Verification Modes & Methodology

The testbench can be used in a number “modes”: Manual, Random, Automated. Manual tests are testcases which are written by the engineer to debug and verify the IP’s basic functional integrity.

A far more comprehensive method of qualifying the design is through randomly generated testcases. To generate such testcases, a set of design parameters which can be varied through their range of acceptable values must be defined. A script (e.g., coded in PERL) must then be written which randomly chooses appropriate values and then prints out to a testfile the corresponding testbench commands. This script can then be called by another script which runs “infinitely”, generating testfiles and initiating the simulator.

Random tests are ideal for bus verification and other circuitry which operates within a well defined range of rules (e.g., burst length from 0 to 255). However for image processing circuitry which is designed to operate on specific images in specific sequences (e.g., rear-ends of cars, trucks and motorcycles on highways), one can not simply define random parameters for such images. Furthermore applying completely random images will unnecessarily fail the DUT.

In such a case, the best method to qualify the DUT is by automated “exhaustive” testing. Automated testing consists of taking hours of real video footage, running it through the software model which then generates DUT task inputs (i.e., image files and task descriptors) and outputs (e.g., tracking results). The data generated by software model is then run through a script which adapts the information into testbench command testfiles. A script is then run which initiates the simulator for each “automated” testfile.
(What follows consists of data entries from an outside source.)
(* Under all the hypotheses of the following setting: $C\subseteq\mathbb{R}^n$ nonempty closed convex; $F$ continuously differentiable; $x^*$ a solution of VIP$(F,C)$; a neighborhood $X$ of $x^*$ and constants $L_1,L_2,\mu>0$ with $\|F(x)-F(y)\|\le L_1\|x-y\|$, $\|\nabla F(x)-\nabla F(y)\|\le L_2\|x-y\|$ for $x,y\in X$ and $\langle\nabla F(x)d,d\rangle\ge\mu\|d\|^2$ for $x\in X$, $d\in\mathbb{R}^n$; sequences $\{x_k\}\subset C$ with $x_k\to x^*$, $B_k$, $\mu_k>0$, $\rho_k\ge0$, $\delta_k>0$, inexact solutions $z_k\in C$ and exact solutions $\hat z_k$ of VIP$(\varphi_k,C)$; and constants $D,C_1,C_2>0$ such that for all sufficiently large $k$: $\|B_k-\nabla F(x_k)\|\le D$; $\mu_k=O(r_k)$, $\mu_k\le C_1\|x_k-x^*\|$, $\rho_k\to0$; $B_k+\mu_kI$ positive definite with $(1+\|B_k+\mu_kI\|)/c_k\le C_2$; $\|(B_k-\nabla F(x_k))(z_k-x_k)\|\le\delta_k\|z_k-x_k\|$, $\mu_k<\mu/2$, $\delta_k\le\mu/16$. Then for every $\alpha>0$ there exist constants $L_1',L_2',L_3',L_4',L_5'>0$ such that for all sufficiently large $k$, $$f_\alpha(z_k)\le L_1'\|x_k-x^*\|^4+(L_2'\delta_k+L_3')\|x_k-x^*\|^3+(L_4'\delta_k+L_5'\delta_k^2)\|x_k-x^*\|^2.$$
   Context: VIP$(F,C)$: find $x^*\in C$ with $\langle F(x^* ),x-x^*\rangle\ge0$ for all $x\in C$. $P_C$ is the Euclidean projection onto $C$. $r_k=\|x_k-P_C(x_k-F(x_k))\|$. For $\alpha>0$ the merit function is $f_\alpha(x)=\max_{y\in C}\{-\langle F(x),y-x\rangle-\tfrac{\alpha}{2}\|y-x\|^2\}$. For each $k$, $\varphi_k(z)=F(x_k)+(B_k+\mu_kI)(z-x_k)$; $\hat z_k\in C$ is the unique solution of VIP$(\varphi_k,C)$: $\langle\varphi_k(\hat z_k),x-\hat z_k\rangle\ge0$ for all $x\in C$. With $e_k=z_k-P_C(z_k-\varphi_k(z_k))$, the inexact solutions $z_k\in C$ satisfy $\|e_k\|\le\rho_k\mu_k\|z_k-x_k\|$ and $\langle e_k,\varphi_k(z_k)+z_k-x_k\rangle\le\rho_k\mu_k\|z_k-x_k\|^2$. $c_k$ is the smallest eigenvalue of the symmetric part of $B_k+\mu_kI$. *)

From HB Require Import structures.
From mathcomp Require Import all_boot all_order all_algebra.
From mathcomp Require Import all_classical all_reals all_analysis.
Set Implicit Arguments. Unset Strict Implicit. Unset Printing Implicit Defensive.
Import Order.TTheory GRing.Theory Num.Theory.
Import numFieldNormedType.Exports.
Local Open Scope classical_set_scope.
Local Open Scope ring_scope.

Section Defs.
Variables (R : realType) (n : nat).
Implicit Types (x y d : 'cV[R]_n) (A : 'M[R]_n) (C : set 'cV[R]_n).

Definition dotv x y : R := \sum_(i < n) x i 0 * y i 0.
Definition vnorm x : R := Num.sqrt (dotv x x).

Definition opnorm A : R := sup [set vnorm (A *m x) | x in [set x | vnorm x <= 1]].

(* Euclidean projection onto C (the unique nearest point when C is nonempty closed convex) *)
Definition projC C x : 'cV[R]_n :=
  xget 0 [set p | C p /\ forall y, C y -> vnorm (x - p) <= vnorm (x - y)].

Definition vip_sol (G : 'cV[R]_n -> 'cV[R]_n) C xs : Prop :=
  C xs /\ forall y, C y -> 0 <= dotv (G xs) (y - xs).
By running these automated tests for hours on end, day in, day out for weeks, they serve to qualify the DUT as exhaustively as possible. One method of checking that the code has been nominally exercised is to run Code Coverage software which highlights if there are parts of the code that were never simulated. The results of this tool can then be used to write manual tests to cover the untested circuitry.

FPGA Emulation & Simulation

Though the testbench provides a fairly complete and efficient simulation environment for the VCEs, it has a number of drawbacks. The most prominent drawback being that the VCE is not tested in real hardware – and no matter how good the behavioral models are, they always remain true to their names: models. Furthermore, the HDL platform is not an efficient environment to test the SoC’s software. To address these issues, the FPGA is an appropriate solution which provides a relatively economical hardware emulation platform.

Though the design going into the FPGA should be a “carbon-copy” of the ASIC design, this is only true in theory. In practice, many system adjustments and design modifications are often necessary to adapt the ASIC design for FPGA implementation. In our case, ARM provides an FPGA based development kit (known as the “Integrator”) which has a slightly different architecture than our SoC. Whereas the SoC has two uni-directional busses (a 64-bit system bus and a 32-bit peripheral bus), the FPGA system has but one shared tri-stated 32-bit bi-directional bus. Furthermore, the FPGA system does not have a Multi-Layer Matrix but rather relies on a bus arbiter and address decoder.

Now, just as a complex design going into an ASIC must be well tested before being implemented in hardware, so too should the design going into an FPGA. For though the FPGA has the advantage over the ASIC of being re-programmable, nevertheless, debugging is always simpler in a simulator than in a logic analyzer. In our case, given the serious architectural differences, simulating is imperative.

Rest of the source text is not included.